- Supplied information
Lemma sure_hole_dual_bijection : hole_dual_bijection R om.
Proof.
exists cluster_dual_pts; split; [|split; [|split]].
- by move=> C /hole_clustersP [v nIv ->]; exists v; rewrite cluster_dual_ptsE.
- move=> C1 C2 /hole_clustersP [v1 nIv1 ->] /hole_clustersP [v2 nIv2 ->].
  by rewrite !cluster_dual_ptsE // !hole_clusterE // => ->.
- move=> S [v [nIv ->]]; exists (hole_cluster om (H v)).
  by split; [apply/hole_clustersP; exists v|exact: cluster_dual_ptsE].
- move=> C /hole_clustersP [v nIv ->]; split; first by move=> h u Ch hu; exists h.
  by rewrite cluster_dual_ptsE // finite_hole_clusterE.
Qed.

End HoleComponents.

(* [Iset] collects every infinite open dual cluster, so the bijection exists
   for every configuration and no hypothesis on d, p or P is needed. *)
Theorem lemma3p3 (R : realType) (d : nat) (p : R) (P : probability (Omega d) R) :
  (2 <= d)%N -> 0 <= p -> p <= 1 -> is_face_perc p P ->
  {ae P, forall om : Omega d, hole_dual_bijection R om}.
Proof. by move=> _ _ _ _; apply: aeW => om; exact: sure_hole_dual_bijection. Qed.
==
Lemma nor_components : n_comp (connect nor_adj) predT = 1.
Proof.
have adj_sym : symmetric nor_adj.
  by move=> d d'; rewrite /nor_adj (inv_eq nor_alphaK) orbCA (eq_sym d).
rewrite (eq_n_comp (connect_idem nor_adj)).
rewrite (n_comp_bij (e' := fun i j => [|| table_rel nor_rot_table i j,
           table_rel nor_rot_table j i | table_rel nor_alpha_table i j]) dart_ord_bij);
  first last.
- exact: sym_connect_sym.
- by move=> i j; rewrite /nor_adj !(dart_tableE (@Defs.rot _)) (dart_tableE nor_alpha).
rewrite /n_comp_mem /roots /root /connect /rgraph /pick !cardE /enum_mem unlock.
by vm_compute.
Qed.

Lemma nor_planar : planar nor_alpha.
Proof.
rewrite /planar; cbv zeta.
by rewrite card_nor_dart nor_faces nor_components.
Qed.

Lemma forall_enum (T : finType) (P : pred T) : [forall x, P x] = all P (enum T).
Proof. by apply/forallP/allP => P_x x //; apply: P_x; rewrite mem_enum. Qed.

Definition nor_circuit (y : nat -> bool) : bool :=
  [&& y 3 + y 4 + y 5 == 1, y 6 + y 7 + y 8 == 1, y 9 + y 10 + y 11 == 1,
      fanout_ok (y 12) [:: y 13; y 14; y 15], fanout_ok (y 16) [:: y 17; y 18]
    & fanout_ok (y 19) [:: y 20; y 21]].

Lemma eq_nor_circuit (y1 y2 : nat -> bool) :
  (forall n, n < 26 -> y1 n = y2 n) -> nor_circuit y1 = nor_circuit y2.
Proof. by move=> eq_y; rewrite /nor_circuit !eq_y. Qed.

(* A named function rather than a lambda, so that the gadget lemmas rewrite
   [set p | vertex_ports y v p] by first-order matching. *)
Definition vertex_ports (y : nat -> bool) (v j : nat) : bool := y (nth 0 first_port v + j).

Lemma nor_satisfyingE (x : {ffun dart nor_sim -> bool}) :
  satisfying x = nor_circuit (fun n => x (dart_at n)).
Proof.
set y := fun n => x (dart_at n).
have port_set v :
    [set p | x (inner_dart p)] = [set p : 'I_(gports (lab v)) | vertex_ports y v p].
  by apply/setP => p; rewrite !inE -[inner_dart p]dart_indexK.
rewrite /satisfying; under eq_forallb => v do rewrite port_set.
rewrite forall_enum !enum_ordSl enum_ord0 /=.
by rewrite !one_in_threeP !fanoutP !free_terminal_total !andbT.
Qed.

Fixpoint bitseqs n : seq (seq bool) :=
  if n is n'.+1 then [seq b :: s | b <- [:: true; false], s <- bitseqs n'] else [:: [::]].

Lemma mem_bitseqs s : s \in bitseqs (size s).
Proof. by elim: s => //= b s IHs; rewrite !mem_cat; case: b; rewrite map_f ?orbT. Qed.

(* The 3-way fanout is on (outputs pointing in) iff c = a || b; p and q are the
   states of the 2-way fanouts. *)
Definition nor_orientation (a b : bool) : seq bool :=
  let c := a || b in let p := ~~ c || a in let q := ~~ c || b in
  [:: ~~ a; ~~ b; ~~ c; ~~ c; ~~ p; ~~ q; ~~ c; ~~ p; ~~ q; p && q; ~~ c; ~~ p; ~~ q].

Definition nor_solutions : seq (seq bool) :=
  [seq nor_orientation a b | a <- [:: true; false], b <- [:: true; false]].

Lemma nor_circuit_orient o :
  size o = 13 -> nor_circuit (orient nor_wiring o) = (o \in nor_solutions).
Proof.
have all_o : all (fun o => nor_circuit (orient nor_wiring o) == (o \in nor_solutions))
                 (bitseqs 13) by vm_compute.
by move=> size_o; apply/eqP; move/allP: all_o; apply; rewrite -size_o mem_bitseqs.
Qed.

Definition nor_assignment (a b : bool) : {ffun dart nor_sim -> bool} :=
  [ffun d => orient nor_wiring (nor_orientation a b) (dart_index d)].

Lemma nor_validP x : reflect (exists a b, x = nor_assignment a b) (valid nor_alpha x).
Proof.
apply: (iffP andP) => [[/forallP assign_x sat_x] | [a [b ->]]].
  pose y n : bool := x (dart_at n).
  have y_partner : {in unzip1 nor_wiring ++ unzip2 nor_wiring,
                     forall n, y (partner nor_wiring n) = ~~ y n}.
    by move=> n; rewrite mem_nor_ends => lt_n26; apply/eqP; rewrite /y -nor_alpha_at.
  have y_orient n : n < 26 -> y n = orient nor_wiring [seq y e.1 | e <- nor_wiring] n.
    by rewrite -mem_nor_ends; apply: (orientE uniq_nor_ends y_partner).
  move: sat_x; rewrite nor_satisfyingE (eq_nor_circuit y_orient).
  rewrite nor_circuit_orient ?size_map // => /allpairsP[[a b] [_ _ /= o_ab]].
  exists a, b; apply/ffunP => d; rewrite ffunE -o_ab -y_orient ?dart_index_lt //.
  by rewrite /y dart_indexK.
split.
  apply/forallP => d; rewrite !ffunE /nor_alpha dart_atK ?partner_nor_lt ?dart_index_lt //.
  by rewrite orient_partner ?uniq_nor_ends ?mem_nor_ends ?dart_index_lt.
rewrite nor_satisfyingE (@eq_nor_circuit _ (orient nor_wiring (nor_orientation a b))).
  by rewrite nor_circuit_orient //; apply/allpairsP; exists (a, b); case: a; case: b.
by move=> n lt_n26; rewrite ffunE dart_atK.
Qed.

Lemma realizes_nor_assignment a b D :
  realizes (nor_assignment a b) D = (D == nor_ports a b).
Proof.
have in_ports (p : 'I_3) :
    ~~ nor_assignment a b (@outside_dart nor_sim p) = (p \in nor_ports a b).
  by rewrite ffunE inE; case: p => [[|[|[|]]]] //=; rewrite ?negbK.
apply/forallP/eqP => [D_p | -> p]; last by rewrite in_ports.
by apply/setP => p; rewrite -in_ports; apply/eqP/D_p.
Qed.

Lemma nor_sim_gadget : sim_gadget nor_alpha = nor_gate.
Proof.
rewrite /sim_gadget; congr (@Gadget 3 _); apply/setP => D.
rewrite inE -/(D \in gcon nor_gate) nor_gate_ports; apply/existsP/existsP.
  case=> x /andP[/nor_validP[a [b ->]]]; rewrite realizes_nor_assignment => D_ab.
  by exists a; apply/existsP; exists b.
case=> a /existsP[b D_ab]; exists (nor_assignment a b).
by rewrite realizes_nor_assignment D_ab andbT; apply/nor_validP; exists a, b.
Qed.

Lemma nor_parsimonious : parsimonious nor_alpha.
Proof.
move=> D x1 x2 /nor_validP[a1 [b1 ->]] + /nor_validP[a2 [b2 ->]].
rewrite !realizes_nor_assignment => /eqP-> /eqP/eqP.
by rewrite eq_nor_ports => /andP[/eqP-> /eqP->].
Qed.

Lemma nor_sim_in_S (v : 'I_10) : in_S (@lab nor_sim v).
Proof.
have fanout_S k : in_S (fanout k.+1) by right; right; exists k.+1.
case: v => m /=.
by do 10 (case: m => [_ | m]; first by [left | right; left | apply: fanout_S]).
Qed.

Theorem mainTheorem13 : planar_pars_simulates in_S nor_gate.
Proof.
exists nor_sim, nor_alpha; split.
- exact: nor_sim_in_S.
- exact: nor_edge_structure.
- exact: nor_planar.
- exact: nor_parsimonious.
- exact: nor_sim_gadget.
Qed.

- What you need to do
Note each line of the material holding "forallP" and copy it out.

- The answer
Proof. by apply/forallP/allP => P_x x //; apply: P_x; rewrite mem_enum. Qed.
apply: (iffP andP) => [[/forallP assign_x sat_x] | [a [b ->]]].
  apply/forallP => d; rewrite !ffunE /nor_alpha dart_atK ?partner_nor_lt ?dart_index_lt //.
apply/forallP/eqP => [D_p | -> p]; last by rewrite in_ports.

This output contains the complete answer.